Ok, I used a crappy cell phone camera and these are what I got.  

1954                             






1976





This '76 photo looks creepy similar to what I actually looked like.  Dang, I look so feminine here.


----------



## VeraBlue (Aug 27, 2008)

I need a drink.....

This is the stuff nightmares are made of.


----------



## elaine l (Aug 27, 2008)

I was going to try it but now I have decided against it.


----------



## roadfix (Aug 27, 2008)

elaine l said:


> I was going to try it but now I have decided against it.


Do it!


----------



## elaine l (Aug 27, 2008)

Serious?  I guess I am too vain to actually put it on here.  I think I would like you best in 1954.


----------



## roadfix (Aug 27, 2008)

elaine l said:


> Serious?  I guess I am too vain to actually put it on here.  I think I would like you best in 1954.
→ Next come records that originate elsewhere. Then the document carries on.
Lemma wf_app_inv (v w : Z) a c : wf v (a ++ c) w -> exists u, wf v a u /\ wf u c w.
Proof.
  revert v; induction a as [|[x|g] a IH]; simpl; intros v H.
  - exists v; split; [split; [reflexivity | eapply wf_isV_start; eauto] | exact H].
  - destruct H as [? H]; destruct (IH _ H) as [u [? ?]]; exists u; auto.
  - destruct H as [? [? H]]; destruct (IH _ H) as [u [? ?]]; exists u; auto.
Qed.

Lemma peq_wf (v w : Z) l l' : peq v w l l' -> (wf v l w <-> wf v l' w).
Proof. induction 1 as [? ? [? [? _]]| | |]; intuition. Qed.

Lemma peq_basic (v w : Z) l r : basic l r -> wf v l w -> wf v r w -> peq v w l r.
Proof.
  intros Hb H1 H2; apply rst_step; split; [|split]; auto.
  exists [], [], l, r; rewrite !app_nil_r; auto.
Qed.

Lemma peq_ctx (v w u z : Z) l l' a c :
  peq v w l l' -> wf u a v -> wf w c z -> peq u z (a ++ l ++ c) (a ++ l' ++ c).
Proof.
  intros H Ha Hc; induction H as [l l' [H1 [H2 [a' [b' [l0 [r0 [Hb [-> ->]]]]]]]]| | |].
  - apply rst_step; split; [|split].
    + eapply wf_app; [exact Ha|]; eapply wf_app; [exact H1|exact Hc].
    + eapply wf_app; [exact Ha|]; eapply wf_app; [exact H2|exact Hc].
    + exists (a ++ a'), (b' ++ c), l0, r0; rewrite !app_assoc; auto.
  - apply rst_refl.
  - apply rst_sym; assumption.
  - eapply rst_trans; eassumption.
Qed.

Lemma peq_app_l (v w u : Z) l l' a :
  isV w -> peq v w l l' -> wf u a v -> peq u w (a ++ l) (a ++ l').
Proof.
  intros Hw H Ha; pose proof (peq_ctx v w u w l l' a [] H Ha) as P.
  rewrite !app_nil_r in P; apply P; split; [reflexivity | exact Hw].
Qed.

Lemma peq_edge_one_bar (y : Z) :
  peq (gsrc Z y) (gsrc Z y) [LEdge y; LElt (gone Z (gtgt y)); LEdge (gbar Z y)] [].
Proof.
  assert (Hy : wf (gtgt y) [LEdge (gbar Z y)] (gsrc Z y))
    by (simpl; rewrite gtgt_bar; auto using isV_src).
  apply rst_trans with (y := [LEdge y; LEdge (gbar Z y)]).
  - apply (peq_ctx (gtgt y) (gtgt y) _ _ [LElt (gone Z (gtgt y))] [] [LEdge y] _).
    + apply peq_basic; [constructor; apply isV_tgt | |];
        simpl; rewrite ?gidx_one; auto using isV_tgt.
    + simpl; auto using isV_tgt.
    + exact Hy.
  - apply peq_basic; [constructor | | simpl; auto using isV_src].
    simpl; auto using isV_src.
Qed.

(* Units are the only idempotents. *)
Lemma hom_gone (phi : ge Z -> ge Z) (F : Z -> Z) :
  (forall g, gidx (phi g) = F (gidx g)) ->
  (forall g h, gidx g = gidx h -> phi (gmul g h) = gmul (phi g) (phi h)) ->
  forall x, phi (gone Z x) = gone Z (F x).
Proof.
  intros Hi Hm x; set (a := phi (gone Z x)).
  assert (Ha : gidx a = F x) by (unfold a; rewrite Hi, gidx_one; reflexivity).
  assert (Haa : gmul a a = a).
  { unfold a; rewrite <- Hm by reflexivity.
    pose proof (gmul1g Z (gone Z x)) as E; rewrite gidx_one in E; rewrite E; reflexivity. }
  assert (E : gmul (ginv a) (gmul a a) = gmul (gmul (ginv a) a) a)
    by (apply gmulA; rewrite ?gidx_inv; reflexivity).
  rewrite Haa, gmulVg, gmul1g in E; rewrite <- Ha; symmetry; exact E.
Qed.
End Words.

Lemma gdown_one (Z : GoG) x : gdown (gone Z x) = gone Z (gsrc Z x).
Proof. apply (hom_gone Z gdown (gsrc Z)); [apply gidx_down | apply gdownM]. Qed.

Lemma gbarG_one (Z : GoG) x : gbarG (gone Z x) = gone Z (gbar Z x).
Proof. apply (hom_gone Z gbarG (gbar Z)); [apply gidx_bar | apply gbarM]. Qed.

Section BisetFacts.
Variables (Y X : GoG) (B : GoB Y X).
Local Notation lam := (blam B).
Local Notation rho := (brho B).

Lemma lam_src z : lam (gsrc B z) = gsrc Y (lam z). Proof. apply (proj2 (blam_mor B)). Qed.
Lemma lam_bar z : lam (gbar B z) = gbar Y (lam z). Proof. apply (proj1 (blam_mor B)). Qed.
Lemma rho_src z : rho (gsrc B z) = gsrc X (rho z). Proof. apply (proj2 (brho_mor B)). Qed.
Lemma rho_bar z : rho (gbar B z) = gbar X (rho z). Proof. apply (proj1 (brho_mor B)). Qed.
Lemma isV_lam (z : B) : isV z -> isV (lam z). Proof. apply morphism_isV, blam_mor. Qed.
Lemma isV_rho (z : B) : isV z -> isV (rho z). Proof. apply morphism_isV, brho_mor. Qed.

Lemma lact_one h b : h = gone Y (lam (bidx b)) -> lact h b = b.
Proof. intros ->; apply lact1. Qed.

Lemma ract_one b g : g = gone X (rho (bidx b)) -> ract b g = b.
Proof. intros ->; apply ract1. Qed.

Lemma bdown_ract b g : gidx g = rho (bidx b) -> bdown (ract b g) = ract (bdown b) (gdown g).
Proof.
  intros Hg.
  pose proof (bdown_cong B (gone Y (lam (bidx b))) b g (gidx_one _ _) Hg) as H.
  rewrite (lact_one _ (ract b g)) in H by (rewrite bidx_ract; auto).
  rewrite H, gdown_one; apply lact_one.
  rewrite bidx_ract, bidx_down, lam_src; auto.
  rewrite gidx_down, bidx_down, rho_src, Hg; reflexivity.
Qed.

Lemma bdown_lact h b : gidx h = lam (bidx b) -> bdown (lact h b) = lact (gdown h) (bdown b).
Proof.
  intros Hh.
  pose proof (bdown_cong B h b (gone X (rho (bidx b))) Hh (gidx_one _ _)) as H.
  rewrite ract1, gdown_one in H; rewrite H, ract_one; auto.
  rewrite bidx_down, rho_src; reflexivity.
Qed.

Lemma bbar_ract b g : gidx g = rho (bidx b) -> bbar (ract b g) = ract (bbar b) (gbarG g).
Proof.
  intros Hg.
  pose proof (bbar_cong B (gone Y (lam (bidx b))) b g (gidx_one _ _) Hg) as H.
  rewrite (lact_one _ (ract b g)) in H by (rewrite bidx_ract; auto).
  rewrite H, gbarG_one; apply lact_one.
  rewrite bidx_ract, bidx_bar, lam_bar; auto.
  rewrite gidx_bar, bidx_bar, rho_bar, Hg; reflexivity.
Qed.

Lemma bbar_lact h b : gidx h = lam (bidx b) -> bbar (lact h b) = lact (gbarG h) (bbar b).
Proof.
  intros Hh.
  pose proof (bbar_cong B h b (gone X (rho (bidx b))) Hh (gidx_one _ _)) as H.
  rewrite ract1, gbarG_one in H; rewrite H, ract_one; auto.
  rewrite bidx_bar, rho_bar; reflexivity.
Qed.

Lemma bplus_lact h b : gidx h = lam (bidx b) ->
  bdown (bbar (lact h b)) = lact (gdown (gbarG h)) (bdown (bbar b)).
Proof.
  intros Hh; rewrite bbar_lact, bdown_lact; auto.
  rewrite gidx_bar, bidx_bar, lam_bar, Hh; reflexivity.
Qed.

Lemma bplus_ract b g : gidx g = rho (bidx b) ->
  bdown (bbar (ract b g)) = ract (bdown (bbar b)) (gdown (gbarG g)).
Proof.
  intros Hg; rewrite bbar_ract, bdown_ract; auto.
  rewrite gidx_bar, bidx_bar, rho_bar, Hg; reflexivity.
Qed.
End BisetFacts.

Section Lifting.
Variables (Y X : GoG) (B : GoB Y X) (dag : Y).
Hypothesis LF : left_fibrant B.
Local Notation lam := (blam B).
Local Notation rho := (brho B).
Local Notation tensor := (list (letter Y) * be B)%type.
Local Notation W v := (wf2 B dag v).
Local Notation E v := (seq2 B dag v).

Lemma seq2_wf2 v s t : E v s t -> (W v s <-> W v t).
Proof. apply clos_rst_guard_iff. Qed.

Lemma seq2_step v s t : W v s -> W v t -> srel B dag s t -> E v s t.
Proof. intros; apply rst_step; auto. Qed.

Lemma wf2_isV v s : W v s -> isV v.
Proof. intros [H1 [<- _]]; apply isV_rho; exact H1. Qed.

Lemma wf2_lact v q h b : gidx h = lam (bidx b) ->
  (W v (q ++ [LElt h], b) <-> W v (q, lact h b)).
Proof.
  intros Hh; unfold wf2; simpl; rewrite bidx_lact by exact Hh.
  assert (HV : isV (bidx b) -> isV (lam (bidx b))) by apply isV_lam.
  split; intros [H1 [H2 H3]]; repeat split; auto.
  - apply wf_app_inv in H3; destruct H3 as [u [Hq [_ [_ [-> _]]]]]; exact Hq.
  - apply wf_app with (lam (bidx b)); simpl; auto.
Qed.

Lemma wf2_ract v q b g : W v (q, b) -> gidx g = v -> W v (q, ract b g).
Proof.
  intros [H1 [H2 H3]] Hg; simpl in *.
  unfold wf2; simpl; rewrite bidx_ract by congruence; auto.
Qed.

Lemma seq2_lact v q h b : W v (q ++ [LElt h], b) -> gidx h = lam (bidx b) ->
  E v (q ++ [LElt h], b) (q, lact h b).
Proof.
  intros H Hh; apply seq2_step; [exact H | apply wf2_lact; auto | constructor; exact Hh].
Qed.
We're doing this on another site and a few people have posted their's.  Fun fun...


----------



## elaine l (Aug 27, 2008)

Maybe I'll post mine on another site.


----------



## quicksilver (Aug 27, 2008)

Not on my BEST day, thank you very much.................



​


----------



## Lynd (Aug 28, 2008)

My excuse is that I don't have a camera right now


----------



## roadfix (Aug 28, 2008)

Lynd said:


> My excuse is that I don't have a camera right now


Well, that was my excuse yesterday until someone at work suggested using her cell phone camera.


----------



## GrantsKat (Aug 28, 2008)

Its not working : (
After I choose a pic to upload nothing happens


----------



## jkath (Aug 28, 2008)

I want to see this site, but it can't seem to load 

I'll keep trying tho'


----------



## roadfix (Aug 28, 2008)

jkath said:


> I want to see this site, but it can't seem to load
> 
> I'll keep trying tho'



I'm sure a million other people are trying to get on at the same time.


----------



## DietitianInTraining (Aug 28, 2008)

What do you think?...


----------



## mikki (Aug 28, 2008)

I can't get it to load either. Maybe it's just busy. I hope so I want to try it.


----------



## suziquzie (Aug 28, 2008)

LOL BC that's AWESOME!


----------



## pacanis (Aug 28, 2008)

OMG... Roadfix, thanks!
After seeing your pics and VB's and Elaine's posts.....
My eyes are literally watering from laughter. I gotta dry them, my hands and feed my dogs. This is priceless


----------



## TATTRAT (Aug 28, 2008)

verablue said:


> i need a drink.....
> 
> This is the stuff nightmares are made of.



rofllmaoomglol!


----------



## TATTRAT (Aug 28, 2008)




----------



## suziquzie (Aug 28, 2008)

so now we know TAT was the two-faced one in hi school.
watch your back folks!


----------



## TATTRAT (Aug 28, 2008)

I needed bigger eggs back then!


and thats not my pic irl,just fyi. I have never been seen before in real life.


----------



## TATTRAT (Aug 28, 2008)

Suz, I found yours! We could be brother and sister!


----------



## jkath (Aug 28, 2008)

Woo Hoo this is a hoot!

I bet if I didn't post this, you guys wouldn't figure out it's me...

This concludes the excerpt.